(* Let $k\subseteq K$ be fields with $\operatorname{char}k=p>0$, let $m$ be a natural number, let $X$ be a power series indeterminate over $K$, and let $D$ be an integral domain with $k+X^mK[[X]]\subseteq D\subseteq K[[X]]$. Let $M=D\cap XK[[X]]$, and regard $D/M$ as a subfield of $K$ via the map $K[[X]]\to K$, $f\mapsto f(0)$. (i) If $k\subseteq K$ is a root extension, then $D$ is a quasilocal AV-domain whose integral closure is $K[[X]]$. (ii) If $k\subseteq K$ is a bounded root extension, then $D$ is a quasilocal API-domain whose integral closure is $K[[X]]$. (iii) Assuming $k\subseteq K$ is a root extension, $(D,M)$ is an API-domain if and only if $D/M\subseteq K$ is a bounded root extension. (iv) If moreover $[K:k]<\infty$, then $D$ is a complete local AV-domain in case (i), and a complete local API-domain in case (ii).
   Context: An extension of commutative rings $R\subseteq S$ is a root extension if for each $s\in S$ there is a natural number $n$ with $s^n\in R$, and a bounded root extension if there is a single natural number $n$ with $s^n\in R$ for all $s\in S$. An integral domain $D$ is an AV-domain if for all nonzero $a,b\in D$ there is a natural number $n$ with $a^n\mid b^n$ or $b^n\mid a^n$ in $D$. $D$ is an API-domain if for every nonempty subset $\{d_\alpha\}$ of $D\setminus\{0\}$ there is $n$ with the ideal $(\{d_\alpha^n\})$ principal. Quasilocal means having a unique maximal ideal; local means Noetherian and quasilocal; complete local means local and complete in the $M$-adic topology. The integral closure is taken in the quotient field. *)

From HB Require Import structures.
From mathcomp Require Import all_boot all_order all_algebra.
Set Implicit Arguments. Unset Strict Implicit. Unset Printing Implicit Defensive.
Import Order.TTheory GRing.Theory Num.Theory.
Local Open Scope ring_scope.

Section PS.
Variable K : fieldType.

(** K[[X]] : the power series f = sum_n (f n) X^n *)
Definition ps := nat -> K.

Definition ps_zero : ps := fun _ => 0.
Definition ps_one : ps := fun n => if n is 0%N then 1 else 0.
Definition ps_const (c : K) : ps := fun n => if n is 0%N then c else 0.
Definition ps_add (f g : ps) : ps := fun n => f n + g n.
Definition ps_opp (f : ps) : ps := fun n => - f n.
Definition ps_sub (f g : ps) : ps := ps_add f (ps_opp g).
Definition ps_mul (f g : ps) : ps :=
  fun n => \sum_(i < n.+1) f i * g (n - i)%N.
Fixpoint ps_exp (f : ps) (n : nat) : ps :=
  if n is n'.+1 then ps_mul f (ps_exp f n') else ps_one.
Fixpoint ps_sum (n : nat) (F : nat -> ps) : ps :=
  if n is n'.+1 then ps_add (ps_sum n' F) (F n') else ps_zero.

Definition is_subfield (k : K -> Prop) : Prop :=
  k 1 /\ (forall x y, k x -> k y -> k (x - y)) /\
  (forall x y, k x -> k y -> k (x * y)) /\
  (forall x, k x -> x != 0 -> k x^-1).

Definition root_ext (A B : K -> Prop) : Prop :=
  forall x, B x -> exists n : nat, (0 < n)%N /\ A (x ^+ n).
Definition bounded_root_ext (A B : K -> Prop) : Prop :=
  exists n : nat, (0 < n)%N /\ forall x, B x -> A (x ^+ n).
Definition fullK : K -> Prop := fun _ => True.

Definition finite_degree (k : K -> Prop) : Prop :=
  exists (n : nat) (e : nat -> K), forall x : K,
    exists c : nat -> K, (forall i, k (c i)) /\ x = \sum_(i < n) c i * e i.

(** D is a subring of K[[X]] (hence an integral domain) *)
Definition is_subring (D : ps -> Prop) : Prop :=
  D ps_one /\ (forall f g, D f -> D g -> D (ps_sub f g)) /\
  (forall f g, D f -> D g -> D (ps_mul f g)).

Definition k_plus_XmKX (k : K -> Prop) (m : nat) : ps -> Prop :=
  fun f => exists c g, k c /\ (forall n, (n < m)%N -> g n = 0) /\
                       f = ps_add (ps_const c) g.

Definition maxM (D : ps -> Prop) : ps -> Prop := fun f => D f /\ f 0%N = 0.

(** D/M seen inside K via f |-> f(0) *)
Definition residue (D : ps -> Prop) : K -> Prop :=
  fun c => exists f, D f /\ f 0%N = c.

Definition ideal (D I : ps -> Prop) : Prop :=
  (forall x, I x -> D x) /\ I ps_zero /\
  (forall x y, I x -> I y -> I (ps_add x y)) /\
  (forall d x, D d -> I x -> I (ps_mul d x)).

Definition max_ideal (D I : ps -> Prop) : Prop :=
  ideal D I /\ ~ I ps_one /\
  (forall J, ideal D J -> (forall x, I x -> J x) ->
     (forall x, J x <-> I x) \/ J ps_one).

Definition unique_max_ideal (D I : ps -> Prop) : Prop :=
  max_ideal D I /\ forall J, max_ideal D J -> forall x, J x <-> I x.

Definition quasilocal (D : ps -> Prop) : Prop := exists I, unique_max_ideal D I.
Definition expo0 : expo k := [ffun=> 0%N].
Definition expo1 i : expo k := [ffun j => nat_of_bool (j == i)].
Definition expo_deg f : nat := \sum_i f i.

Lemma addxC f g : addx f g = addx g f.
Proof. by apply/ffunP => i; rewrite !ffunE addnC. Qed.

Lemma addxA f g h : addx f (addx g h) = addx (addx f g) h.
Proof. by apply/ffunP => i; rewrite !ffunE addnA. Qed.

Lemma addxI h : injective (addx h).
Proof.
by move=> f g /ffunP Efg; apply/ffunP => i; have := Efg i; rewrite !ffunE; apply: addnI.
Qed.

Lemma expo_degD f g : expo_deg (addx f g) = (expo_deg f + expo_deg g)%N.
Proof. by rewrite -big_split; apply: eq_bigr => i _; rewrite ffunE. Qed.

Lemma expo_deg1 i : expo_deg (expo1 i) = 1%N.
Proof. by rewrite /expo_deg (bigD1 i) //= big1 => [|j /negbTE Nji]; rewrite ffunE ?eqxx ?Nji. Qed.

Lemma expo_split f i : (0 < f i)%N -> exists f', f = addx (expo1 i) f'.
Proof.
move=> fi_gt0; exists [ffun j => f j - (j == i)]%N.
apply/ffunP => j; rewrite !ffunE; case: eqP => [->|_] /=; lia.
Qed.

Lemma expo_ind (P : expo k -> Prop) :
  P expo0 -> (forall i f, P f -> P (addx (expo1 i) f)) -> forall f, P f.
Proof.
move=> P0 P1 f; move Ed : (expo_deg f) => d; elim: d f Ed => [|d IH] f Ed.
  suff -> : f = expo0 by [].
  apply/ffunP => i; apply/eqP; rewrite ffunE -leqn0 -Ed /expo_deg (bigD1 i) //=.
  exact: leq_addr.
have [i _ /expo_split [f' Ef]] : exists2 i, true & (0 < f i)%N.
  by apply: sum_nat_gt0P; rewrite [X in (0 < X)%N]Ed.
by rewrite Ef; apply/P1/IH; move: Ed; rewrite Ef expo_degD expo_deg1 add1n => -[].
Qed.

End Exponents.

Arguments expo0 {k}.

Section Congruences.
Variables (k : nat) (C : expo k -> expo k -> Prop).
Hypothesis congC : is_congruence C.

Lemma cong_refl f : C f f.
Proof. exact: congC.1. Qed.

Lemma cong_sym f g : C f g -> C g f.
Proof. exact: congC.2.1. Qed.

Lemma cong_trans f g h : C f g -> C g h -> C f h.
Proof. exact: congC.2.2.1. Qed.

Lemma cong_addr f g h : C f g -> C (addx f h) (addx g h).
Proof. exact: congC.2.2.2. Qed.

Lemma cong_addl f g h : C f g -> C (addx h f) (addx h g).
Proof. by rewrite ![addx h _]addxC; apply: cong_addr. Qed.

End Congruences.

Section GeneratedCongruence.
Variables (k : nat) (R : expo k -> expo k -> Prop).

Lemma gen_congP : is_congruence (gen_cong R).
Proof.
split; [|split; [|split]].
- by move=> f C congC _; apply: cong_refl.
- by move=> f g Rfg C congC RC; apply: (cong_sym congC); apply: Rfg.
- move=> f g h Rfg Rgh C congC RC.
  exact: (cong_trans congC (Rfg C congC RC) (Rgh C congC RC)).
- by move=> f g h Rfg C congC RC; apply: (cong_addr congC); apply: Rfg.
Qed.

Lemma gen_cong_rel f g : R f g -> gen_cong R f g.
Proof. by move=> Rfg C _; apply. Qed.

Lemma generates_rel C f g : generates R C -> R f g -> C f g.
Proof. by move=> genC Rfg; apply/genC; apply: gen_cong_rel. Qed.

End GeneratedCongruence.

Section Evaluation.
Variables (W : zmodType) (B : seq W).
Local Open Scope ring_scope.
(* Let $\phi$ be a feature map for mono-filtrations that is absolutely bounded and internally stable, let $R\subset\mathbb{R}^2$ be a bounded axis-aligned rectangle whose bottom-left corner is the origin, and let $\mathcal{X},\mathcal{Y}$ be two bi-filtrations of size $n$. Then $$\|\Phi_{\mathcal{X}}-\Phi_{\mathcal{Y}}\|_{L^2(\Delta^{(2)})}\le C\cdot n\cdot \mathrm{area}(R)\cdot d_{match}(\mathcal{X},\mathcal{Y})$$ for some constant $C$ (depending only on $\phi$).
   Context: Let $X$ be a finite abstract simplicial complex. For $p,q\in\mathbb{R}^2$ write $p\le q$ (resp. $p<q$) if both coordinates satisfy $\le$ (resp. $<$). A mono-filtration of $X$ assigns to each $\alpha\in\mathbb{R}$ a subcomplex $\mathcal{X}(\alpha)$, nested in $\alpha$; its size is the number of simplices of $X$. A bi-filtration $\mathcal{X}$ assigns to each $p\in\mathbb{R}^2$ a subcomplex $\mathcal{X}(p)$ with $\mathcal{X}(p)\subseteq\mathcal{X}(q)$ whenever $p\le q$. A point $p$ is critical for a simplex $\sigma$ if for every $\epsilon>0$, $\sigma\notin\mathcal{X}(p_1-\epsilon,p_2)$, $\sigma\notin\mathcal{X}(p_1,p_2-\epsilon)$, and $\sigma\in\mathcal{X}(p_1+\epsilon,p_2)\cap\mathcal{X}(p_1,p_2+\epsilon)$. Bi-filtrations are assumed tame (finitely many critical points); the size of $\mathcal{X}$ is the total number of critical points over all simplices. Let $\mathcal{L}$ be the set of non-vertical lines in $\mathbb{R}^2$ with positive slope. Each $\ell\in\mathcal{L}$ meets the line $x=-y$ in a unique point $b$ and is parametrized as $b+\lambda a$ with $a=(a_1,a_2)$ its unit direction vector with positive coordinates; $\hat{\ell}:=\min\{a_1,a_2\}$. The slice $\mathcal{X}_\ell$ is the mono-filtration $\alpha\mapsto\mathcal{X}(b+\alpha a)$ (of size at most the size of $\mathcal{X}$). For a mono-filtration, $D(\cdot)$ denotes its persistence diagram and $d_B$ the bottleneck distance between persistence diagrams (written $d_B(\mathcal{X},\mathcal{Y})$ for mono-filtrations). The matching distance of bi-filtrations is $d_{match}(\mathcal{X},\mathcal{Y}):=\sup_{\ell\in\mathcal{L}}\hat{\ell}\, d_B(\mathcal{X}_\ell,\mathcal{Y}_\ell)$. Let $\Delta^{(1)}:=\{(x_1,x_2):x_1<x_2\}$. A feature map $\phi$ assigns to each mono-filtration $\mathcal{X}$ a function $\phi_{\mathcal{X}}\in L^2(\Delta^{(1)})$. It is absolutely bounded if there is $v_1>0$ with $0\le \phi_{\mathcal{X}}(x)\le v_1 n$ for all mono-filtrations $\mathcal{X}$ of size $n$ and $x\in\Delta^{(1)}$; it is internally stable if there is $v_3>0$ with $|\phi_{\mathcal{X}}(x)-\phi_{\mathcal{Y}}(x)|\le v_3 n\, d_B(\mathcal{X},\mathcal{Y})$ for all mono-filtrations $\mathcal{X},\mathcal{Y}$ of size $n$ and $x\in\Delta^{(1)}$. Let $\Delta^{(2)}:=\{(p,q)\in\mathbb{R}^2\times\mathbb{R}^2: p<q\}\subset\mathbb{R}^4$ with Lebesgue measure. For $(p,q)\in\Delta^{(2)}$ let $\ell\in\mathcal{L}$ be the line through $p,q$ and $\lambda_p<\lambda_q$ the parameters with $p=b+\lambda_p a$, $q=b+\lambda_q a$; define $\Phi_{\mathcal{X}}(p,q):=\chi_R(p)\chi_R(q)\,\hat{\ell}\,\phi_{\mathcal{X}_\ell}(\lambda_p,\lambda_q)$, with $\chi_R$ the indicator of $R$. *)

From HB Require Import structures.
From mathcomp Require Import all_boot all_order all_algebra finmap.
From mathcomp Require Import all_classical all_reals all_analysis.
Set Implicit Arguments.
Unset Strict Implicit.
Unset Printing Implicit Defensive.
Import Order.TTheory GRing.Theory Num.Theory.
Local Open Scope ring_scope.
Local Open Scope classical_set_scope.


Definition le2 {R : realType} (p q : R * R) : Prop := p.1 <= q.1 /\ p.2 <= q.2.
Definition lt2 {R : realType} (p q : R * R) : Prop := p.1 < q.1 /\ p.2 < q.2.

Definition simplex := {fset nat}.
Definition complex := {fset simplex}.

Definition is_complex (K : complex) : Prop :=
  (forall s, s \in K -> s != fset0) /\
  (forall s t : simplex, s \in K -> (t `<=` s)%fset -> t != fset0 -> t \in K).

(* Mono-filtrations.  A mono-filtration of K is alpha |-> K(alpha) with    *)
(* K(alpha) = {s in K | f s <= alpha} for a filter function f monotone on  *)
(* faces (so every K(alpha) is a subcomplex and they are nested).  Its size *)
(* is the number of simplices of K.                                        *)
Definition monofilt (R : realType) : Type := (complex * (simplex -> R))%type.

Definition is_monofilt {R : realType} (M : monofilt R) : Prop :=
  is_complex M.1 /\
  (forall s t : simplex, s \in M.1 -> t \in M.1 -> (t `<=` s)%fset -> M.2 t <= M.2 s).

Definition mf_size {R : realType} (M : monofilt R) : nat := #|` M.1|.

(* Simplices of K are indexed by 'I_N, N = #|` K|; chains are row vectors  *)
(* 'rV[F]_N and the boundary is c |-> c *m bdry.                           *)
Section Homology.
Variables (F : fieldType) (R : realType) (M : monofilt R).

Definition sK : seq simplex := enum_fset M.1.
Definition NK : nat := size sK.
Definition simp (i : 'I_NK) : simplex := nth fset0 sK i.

(Instructions to follow):
Each line that contains the string "Fixpoint" should be copied from the data above.

(Response to the exercise):
Fixpoint ps_exp (f : ps) (n : nat) : ps :=
Fixpoint ps_sum (n : nat) (F : nat -> ps) : ps :=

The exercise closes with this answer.